### Task statement:
For each line in the data below that has the word "simpl", copy that line.

### Collected data entries:
Lemma bisector_frame a b : 0 < cross2 b a ->
  fst (bisector a b) ^ 2 + snd (bisector a b) ^ 2 = 1 /\ PI < exterior_angle_of a b < 2 * PI /\
  rotate (bisector a b) (exterior_angle_of a b / 2) = unit_vec b /\
  rotate (bisector a b) (- (exterior_angle_of a b / 2)) = unit_vec a.
Proof.
  intros H. destruct (norm2_pos_of_cross a b H) as [Ha Hb].
  pose proof (unit_vec_unit a Ha) as Hua. pose proof (unit_vec_unit b Hb) as Hub.
  set (t := dot2 a b / (norm2 a * norm2 b)).
  set (c := cross2 (unit_vec b) (unit_vec a)).
  assert (Ht : t = fst (unit_vec b) * fst (unit_vec a) + snd (unit_vec b) * snd (unit_vec a))
    by (unfold t, dot2, unit_vec; simpl; field; lra).
  assert (Hc : 0 < c).
  { unfold c. replace (cross2 (unit_vec b) (unit_vec a)) with (cross2 b a / (norm2 a * norm2 b))
      by (unfold cross2, unit_vec; simpl; field; lra).
    apply Rdiv_lt_0_compat; [lra|]. apply Rmult_lt_0_compat; lra. }
  assert (Htc : t ^ 2 + c ^ 2 = 1).
  { rewrite Ht. unfold c, cross2.
    transitivity ((fst (unit_vec b) ^ 2 + snd (unit_vec b) ^ 2)
                  * (fst (unit_vec a) ^ 2 + snd (unit_vec a) ^ 2)); [ring|].
    rewrite Hua, Hub. ring. }
  assert (Ht1 : -1 < t < 1) by (split; nra).
  set (gam := acos t).
  assert (Hg : 0 < gam < PI) by (apply acos_bound_lt; auto).
  assert (Hcg : cos gam = t) by (apply cos_acos; lra).
  assert (Hsg : sin gam = c).
  { unfold gam. rewrite sin_acos by lra. replace (1 - t²) with (c ^ 2) by (unfold Rsqr; lra).
    apply sqrt_pow2. lra. }
  assert (HOm : exterior_angle_of a b = 2 * PI - gam) by reflexivity.
  unfold bisector. rewrite HOm, !rotate_rotate.
  split; [rewrite rotate_norm; exact Hub|]. split; [lra|]. split.
  - replace (- ((2 * PI - gam) / 2) + (2 * PI - gam) / 2) with 0 by ring. apply rotate_0.
  - replace (- ((2 * PI - gam) / 2) + - ((2 * PI - gam) / 2)) with (gam + - (2 * PI)) by field.
    unfold rotate. rewrite cos_plus, sin_plus, cos_neg, sin_neg, cos_2PI, sin_2PI, Hcg, Hsg.
    unfold c, cross2. rewrite Ht.
    apply injective_projections; cbn [fst snd].
    + transitivity (fst (unit_vec a) * (fst (unit_vec b) ^ 2 + snd (unit_vec b) ^ 2));
        [|rewrite Hub]; ring.
    + transitivity (snd (unit_vec a) * (fst (unit_vec b) ^ 2 + snd (unit_vec b) ^ 2));
        [|rewrite Hub]; ring.
Qed.

(* A direction at angle [p] from the bisector lies in the closed polygon angle exactly when
   [Om/2 <= |p|]. *)
Lemma sin_half_angle_signs Om p : PI < Om < 2 * PI -> - PI <= p <= PI ->
  (0 <= sin (p - Om / 2) /\ sin (p + Om / 2) <= 0 <-> Om / 2 <= Rabs p).
Proof.
  intros HOm Hp. pose proof PI_RGT_0. split.
  - intros [H1 H2]. apply Rnot_lt_le. intros Hlt. unfold Rabs in Hlt; destruct Rcase_abs.
    + assert (0 < sin (p + Om / 2)) by (apply sin_gt_0; lra). lra.
    + assert (sin (p - Om / 2) < 0) by (apply sin_lt_0_var; lra). lra.
  - intros Hge. unfold Rabs in Hge; destruct Rcase_abs.
    + assert (sin (Om / 2 - p) <= 0) by (apply sin_le_0; lra).
      assert (0 <= sin (- p - Om / 2)) by (apply sin_ge_0; lra).
      replace (p - Om / 2) with (- (Om / 2 - p)) by ring.
      replace (p + Om / 2) with (- (- p - Om / 2)) by ring.
      rewrite !sin_neg. lra.
    + split; [apply sin_ge_0|apply sin_le_0]; lra.
Qed.

Definition side_cross N P i (y : pt) :=
  cross2 (vsub (vtx N P (i + 1)) (vtx N P i)) (vsub y (vtx N P i)).

Lemma cross2_sub_lipschitz (w Z y q : pt) :
  Rabs (cross2 w (vsub q Z) - cross2 w (vsub y Z)) <= (Rabs (fst w) + Rabs (snd w)) * dist2 y q.
Proof.
  unfold cross2, vsub; cbn [fst snd].
  replace (fst w * (snd q - snd Z) - snd w * (fst q - fst Z)
           - (fst w * (snd y - snd Z) - snd w * (fst y - fst Z)))
    with (fst w * (snd q - snd y) - snd w * (fst q - fst y)) by ring.
  assert (H1 : Rabs (fst q - fst y) <= dist2 y q)
    by (rewrite Rabs_minus_sym; apply Rabs_le_polar_rad).
  assert (H2 : Rabs (snd q - snd y) <= dist2 y q)
    by (rewrite Rabs_minus_sym; unfold dist2; rewrite Rplus_comm; apply Rabs_le_polar_rad).
  eapply Rle_trans; [apply Rabs_triang|]. rewrite Rabs_Ropp, !Rabs_mult.
  pose proof (Rabs_pos (fst w)). pose proof (Rabs_pos (snd w)). nra.
Qed.

Lemma side_cross_continuous N P i y eps : 0 < eps -> exists r, 0 < r /\
  forall q, dist2 y q < r -> Rabs (side_cross N P i q - side_cross N P i y) < eps.
Proof.
  intros Heps. set (w := vsub (vtx N P (i + 1)) (vtx N P i)).
  set (K := Rabs (fst w) + Rabs (snd w) + 1).
  pose proof (Rabs_pos (fst w)). pose proof (Rabs_pos (snd w)).
  assert (HK : 0 < K) by (unfold K; lra).
  exists (eps / K). split; [apply Rdiv_lt_0_compat; lra|]. intros q Hq.
  pose proof (cross2_sub_lipschitz w (vtx N P i) y q) as L.
  assert (K * dist2 y q < eps).
  { apply (Rmult_lt_reg_r (/ K)); [apply Rinv_0_lt_compat; lra|].
    replace (K * dist2 y q * / K) with (dist2 y q) by (field; lra). exact Hq. }
  pose proof (dist2_pos y q).
  assert ((Rabs (fst w) + Rabs (snd w)) * dist2 y q <= K * dist2 y q)
    by (apply Rmult_le_compat_r; unfold K; lra).
  unfold side_cross. fold w. lra.
Qed.

Lemma closure_polygon_side N P y : closure (polygon_interior N P) y ->
  forall i, (i < N)%nat -> 0 <= side_cross N P i y.
Proof.
  intros Hc i Hi. apply Rnot_lt_le. intro Hneg.
  destruct (side_cross_continuous N P i y (- side_cross N P i y)) as [r [Hr Hnear]]; [lra|].
  destruct (Hc r Hr) as [q [Hq Hd]]. specialize (Hnear q Hd). specialize (Hq i Hi).
  unfold Rabs in Hnear; destruct Rcase_abs; fold (side_cross N P i q) in Hq; lra.
Qed.

Definition corner_radius N P rg := forall j i, (j < N)%nat -> (i < N)%nat -> i <> j ->
  i <> ((j + N - 1) mod N)%nat -> forall q, dist2 q (P j) < rg -> 0 < side_cross N P i q.

(* Convexity: each corner lies strictly inside the half-planes of the sides not meeting it. *)
Lemma corner_radius_exists N P : convex_polygon N P -> exists rg, 0 < rg /\ corner_radius N P rg.
Proof.
  intros [HN HP].
  set (Q := fun j r => forall i, (i < N)%nat -> i <> j -> i <> ((j + N - 1) mod N)%nat ->
    forall q, dist2 q (P j) < r -> 0 < side_cross N P i q).
  assert (HQ : forall j, (j < N)%nat -> exists r, 0 < r /\ Q j r).
  { intros j Hj.
    set (Qj := fun i r => i <> j -> i <> ((j + N - 1) mod N)%nat ->
      forall q, dist2 q (P j) < r -> 0 < side_cross N P i q).
    assert (HQj : forall i, (i < N)%nat -> exists r, 0 < r /\ Qj i r).
    { intros i Hi. destruct (Nat.eq_dec i j) as [E|E];
        [exists 1; split; [lra|]; intros ?; contradiction|].
      destruct (Nat.eq_dec i ((j + N - 1) mod N)) as [E2|E2];
        [exists 1; split; [lra|]; intros ? ?; contradiction|].
      destruct (neighbour_indices N j HN Hj) as [_ [_ [_ [_ Hn]]]].
      destruct (Hn i Hi E E2) as [F1 F2].
      pose proof (HP i j Hi Hj F1 F2) as Hpos. fold (side_cross N P i (P j)) in Hpos.
      destruct (side_cross_continuous N P i (P j) (side_cross N P i (P j)) Hpos) as [r [Hr Hn']].
      exists r. split; auto. intros _ _ q Hq. rewrite dist2_sym in Hq. specialize (Hn' q Hq).
      unfold Rabs in Hn'; destruct Rcase_abs; lra. }
    assert (HQjmono : forall i r r', Qj i r -> 0 < r' <= r -> Qj i r')
      by (intros i r r' Hq' Hr' H1 H2 q Hq; apply Hq'; auto; lra).
    destruct (finite_min_radius N Qj HQj HQjmono) as [r [Hr Hall]].
    exists r. split; auto. }
  assert (HQmono : forall j r r', Q j r -> 0 < r' <= r -> Q j r')
    by (intros j r r' Hq Hr i Hi H1 H2 q Hd; apply Hq; auto; lra).
  destruct (finite_min_radius N Q HQ HQmono) as [rg [Hrg H]].
  exists rg. split; auto. intros j i Hj Hi. apply H; auto.
Qed.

### Written response:
    by (unfold t, dot2, unit_vec; simpl; field; lra).
      by (unfold cross2, unit_vec; simpl; field; lra).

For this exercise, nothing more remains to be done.